Na minha cidade há jardins com lagoas
apressadas entre monstros de vidro e de cimento,
onde indolentes cisnes agonizam
balançando-se na lama.
Na minha cidade há cem obscuras igrejas com as portas fechadas,
fantásticos navios varados com a sua quilha para o céu,
que se alçam altivas, como espadas
afiadas de pedra.
Na minha cidade há milhares de modestas famílias
que passeiam os seus tédios cada fim de semana
por geométricos jardins de desenho
com pérgulas de roseiras defloradas.
Na minha cidade, os miúdos, lentamente,
arrincoam a sua meninice, ensimesmados
em violentos jogos eletrónicos,
nos que matar é conseguir mais pontos.
Na minha cidade, os velhos, solitários, nunca exoram;
só leem jornais, quase sempre atrasados,
ou assobiam entre dentes melodias antigas,
que apreenderam quando ainda não se sabiam mortos.

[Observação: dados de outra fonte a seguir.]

Lemma S_sqr1_C4_quotient (gT : finGroupType) (psi : {morphism Gal >-> gT}) h :
  psi @* Gal = <[h]> -> #[h] = 4%N -> {in S, forall g, psi g ^+ 2 = 1}%g.
Proof.
move=> im_psi oh.
have psiC g : g \in Gal -> psi g \in <[h]> by move=> Gg; rewrite -im_psi mem_morphim.
pose ev g := (psi g ^+ 2 == 1)%g.
have ev_parity : parity Gal ev.
  by move=> u v Gu Gv; rewrite /ev morphM // (cycle_order4_sqr1M oh) ?psiC.
have ev_gy : ev gy by rewrite /ev -morphX ?Gal_gy // gy2 morph1.
have ev_gx : ev gx = false.
  apply/negbTE/negP=> ev_x; have const_parity : parity Gal (fun=> true) by [].
  have ev1 := parity_gen_eq defGal ev_parity const_parity ev_x ev_gy.
  have /morphimP[g Gg _ h_g] : h \in psi @* Gal by rewrite im_psi cycle_id.
  by have := ev1 g Gg; rewrite /ev -h_g -order_dvdn oh.
move=> g; rewrite mem_S => /andP[Gg par_g]; apply/eqP.
rewrite -[_ == _]/(ev g) -(parity_gen_eq defGal par4_parity ev_parity) //.
  by rewrite /par4 phi4x ev_gx.
by rewrite /par4 phi4y ev_gy.
Qed.

Lemma C4_quadratic_unique (K' : {subfield L}) : C4_quadratic K' -> K' = K.
Proof.
case=> dimK' [E [sK'E galE cycE oE]].
have sE : (1 <= E <= {:L})%VS by rewrite sub1v subvf.
have nE : normalField 1 E by case/and3P: galE.
pose psi := normalField_cast_morphism sE nE.
have [h defC] := cyclicP cycE.
have im_psi : psi @* Gal = <[h]> by rewrite -defC (normalField_img galL sE nE).
have oh : #[h] = 4%N by rewrite orderE -defC oE.
have oT : #|'Gal(E / K')| = 2.
  have := galois_dim galE; rewrite dimv1 divn1 oE => dimE.
  by rewrite -galois_dim ?(galoisS _ galE) ?sub1v // dimE dimK'.
have sTC : 'Gal(E / K') \subset <[h]> by rewrite -defC galS ?sub1v.
apply/val_inj/eqP; rewrite eqEdim dim_K dimK' leqnn andbT.
apply/subvP=> a K'a; apply/fixedFieldP=> [|g Sg]; first exact: memvf.
have Gg : g \in Gal by move: Sg; rewrite mem_S => /andP[].
rewrite -(normalField_cast_eq sE nE Gg (subvP sK'E a K'a)).
apply: (fixed_gal sK'E) K'a; rewrite -cycle_subG.
have psiC : psi g \in <[h]> by rewrite -im_psi mem_morphim.
rewrite -(cardSg_cyclic (cycle_cyclic h)) ?cycle_subG // oT -orderE order_dvdn.
by apply/eqP; apply: S_sqr1_C4_quotient im_psi oh _ Sg.
Qed.

Lemma sqr_anti_fixed_neq (g : gal_of {:L}) (d z : L) :
  g z = z -> g d = - d -> d != 0 -> d ^+ 2 != z ^+ 2.
Proof.
move=> gz gd; apply: contraNN; rewrite eqf_sqr -eq_oppr_eq0.
by case/orP=> /eqP dz; rewrite -gd dz ?rmorphN /= gz.
Qed.

Lemma K_sqrt_anti (a : F) (r : L) :
  r ^+ 2 = a%:A -> K = <<1; r>>%AS -> [/\ r \in K, r \notin 1%VS & gx r = - r].
Proof.
move=> ra defK; have Kr : r \in K by rewrite defK memv_adjoin.
have r'1 : r \notin 1%VS.
  by apply: contraTN isT => /Fadjoin_idP r1; have := dim_K; rewrite defK /= r1 dimv1.
split=> //; have : gx r ^+ 2 == r ^+ 2 by rewrite -rmorphXn /= ra rmorph_alg.
rewrite eqf_sqr => /orP[/eqP xr | /eqP //].
by case/negP: r'1; apply: mem1_K.
Qed.

Lemma norm_K_form (a : F) (r eta : L) :
    r ^+ 2 = a%:A -> K = <<1; r>>%AS -> eta \in K ->
  exists u v : F, eta * gx eta = (u ^+ 2 - a * v ^+ 2)%:A.
Proof.
move=> ra defK Keta; have [Kr r'1 xr] := K_sqrt_anti ra defK.
have r_neq0 : r != 0 by apply: contraNneq r'1 => ->; rewrite mem0v.
have in1 z : gx z = z -> gy z = z -> exists c : F, z = c%:A.
  by move=> xz yz; have /vlineP[c ->] := mem1_fixed xz yz; exists c.
have yr := K_fixed Kr S_gy; have yeta := K_fixed Keta S_gy.
have yxeta := K_fixed (K_gx Keta) S_gy; have xxeta := K_gx2 Keta.
have [u eu] : exists u : F, (eta + gx eta) / 2%:R = u%:A.
  apply: in1; rewrite rmorphM fmorphV rmorphD /= rmorph_nat ?xxeta ?yeta ?yxeta //.
  by rewrite addrC.
have [v ev] : exists v : F, (eta - gx eta) / (2%:R * r) = v%:A.
  apply: in1; rewrite rmorphM fmorphV rmorphB rmorphM /= rmorph_nat;
    rewrite ?xxeta ?xr ?yeta ?yxeta ?yr //.
  by rewrite mulrN invrN mulrN -mulNr opprB.
exists u, v.
have -> : eta * gx eta =
    ((eta + gx eta) / 2%:R) ^+ 2 - ((eta - gx eta) / (2%:R * r)) ^+ 2 * r ^+ 2.
  by field; rewrite r_neq0 two_neq0.
by rewrite eu ev ra -!in_algE -!rmorphXn -!rmorphM -rmorphB mulrC.
Qed.

(* -1 is a norm from K, so rigidity puts it in F^2 or in -a F^2; the latter
   would make a a square. *)
Lemma rigid_sqr_minus1 (a : F) (r : L) :
  r ^+ 2 = a%:A -> K = <<1; r>>%AS -> rigid (- a) -> exists b : F, b ^+ 2 = -1.
Proof.
move=> ra defK [_ _ _ rig_a]; have [_ r'1 _] := K_sqrt_anti ra defK.
have [eta Keta norm_eta] := norm_minus1.
have [u [v euv]] := norm_K_form ra defK Keta.
have [b [b_neq0 [b2 | ab2]]] : exists b : F, b != 0 /\ (-1 = b ^+ 2 \/ -1 = - a * b ^+ 2).
- apply/(rig_a (-1)); first by rewrite oppr_eq0 oner_neq0.
  exists u, v; apply: (fmorph_inj (in_alg L)).
  by rewrite rmorphN rmorph1 -norm_eta euv /= mulNr.
- by exists b.
case/negP: r'1; have ea : a = b^-1 ^+ 2.
  apply: (mulIf (expf_neq0 2 b_neq0)); rewrite exprVn mulVf ?expf_neq0 //.
  by apply: oppr_inj; rewrite ab2 mulNr.
have : r ^+ 2 == (b^-1)%:A ^+ 2 by rewrite ra ea -!in_algE rmorphXn.
by rewrite eqf_sqr => /orP[] /eqP ->; rewrite ?rpredN memvZ ?memv_line.
Qed.

(* The norm t of gamma is delta ^+ 2 with delta moved by gy; rigidity puts t in
   F^2 or in a F^2 (as -1 is a square), making delta an element of F or of
   F r, both fixed by gy. *)
Lemma not_rigid (a : F) (r : L) : r ^+ 2 = a%:A -> K = <<1; r>>%AS -> ~ rigid (- a).
Proof.
move=> ra defK rig; have [b b2m1] := rigid_sqr_minus1 ra defK rig.
case: rig => _ _ _ rig_a; have [Kr _ _] := K_sqrt_anti ra defK.
have [gamma [delta [Kgamma delta_neq0 ydelta delta2]]] := dihedral_sqrt.
have [u [v euv]] := norm_K_form ra defK Kgamma.
set t := u ^+ 2 - a * v ^+ 2 in euv.
have t_neq0 : t != 0.
  apply: contraNneq delta_neq0 => t0.
  by move: (expf_eq0 delta 2); rewrite delta2 euv t0 scale0r eqxx => /esym/andP[].
have [c [_ [tc | tac]]] : exists c : F, c != 0 /\ (t = c ^+ 2 \/ t = - a * c ^+ 2).
- by apply/(rig_a t t_neq0); exists u, v; rewrite mulNr.
- have := sqr_anti_fixed_neq (rmorph_alg gy c) ydelta delta_neq0.
  by rewrite delta2 euv tc -!in_algE rmorphXn eqxx.
have := sqr_anti_fixed_neq (z := r * (b * c)%:A) _ ydelta delta_neq0.
rewrite rmorphM /= rmorph_alg (K_fixed Kr S_gy) => /(_ erefl)/negP; apply.
rewrite delta2 euv tac exprMn ra -!in_algE -rmorphXn -rmorphM.
by rewrite exprMn b2m1 mulN1r mulrN mulNr.
Qed.

End G1Extension.

Local Open Scope ring_scope.

Theorem proposition3p8 (F : fieldType) (L : splittingFieldType F) :
  (2 \notin [pchar F])%N ->
  galois 1%AS {:L} ->
  ('Gal({:L} / 1%AS) \isog
     Grp (x : y : (x ^+ 4, y ^+ 2, [~ x, y] ^+ 2, [~ [~ x, y], x] ^+ 2,
                   [~ [~ [~ x, y], x], x], [~ [~ [~ x, y], x], y])))%g ->
  exists K : {subfield L},
    [/\ C4_quadratic K,
        forall K' : {subfield L}, C4_quadratic K' -> K' = K,
        exists (a : F) (r : L), r ^+ 2 = a%:A /\ K = <<1; r>>%AS &
        forall (a : F) (r : L), r ^+ 2 = a%:A -> K = <<1; r>>%AS -> ~ rigid (- a)].
Proof.
move=> charF galL isoG.
case/homG1P: (isoGrp_hom isoG) => gx [gy [defGal relxy]].
have gy2 : (gy ^+ 2 = 1)%g by case/and5P: relxy => _ /eqP.
have [phi4 [phi4x phi4y]] := G1_morphism isoG defGal relxy G1rel_rot_1.
have [phi8 [phi8x phi8y]] := G1_morphism isoG defGal relxy G1rel_rot_refl.
exists (K phi4); split.
- exact: (C4_quadratic_K (phi4 := phi4) galL defGal phi4x phi4y).
- exact: (C4_quadratic_unique (phi4 := phi4) galL defGal gy2 phi4x phi4y).
- exact: (K_sqrt (phi4 := phi4) galL defGal phi4x phi4y charF).
- exact: (not_rigid (phi4 := phi4) (phi8 := phi8) galL defGal phi4x phi4y phi8x phi8y charF).
Qed.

Na minha cidade há verdes lixeiras
repletas de precárias ilusões perdidas,
de sonhos desfeitos, de sobras de comida,
que diariamente apanha um camião limpador de consciências.
Na minha cidade, as gentes vão às pressas,
para chegarem quanto antes ao engarrafamento
e fazer soar os cláxones, e zangar-se,
porque a vida não é como eles sonharam.
Na minha cidade, as árvores, cativas em passeios
enchidos de beatas e excrementos de cão,
têm copas perfeitamente esféricas
nas que já não aninham os pássaros urbanos.
Amigo, na minha cidade não há tempo para nada;
a ânsia por chegarmos a nenhuma paragem
impede-nos de olhar a paisagem de fora.
Estamos condenados ao desterro da alma
em triste solidão mansamente cercada.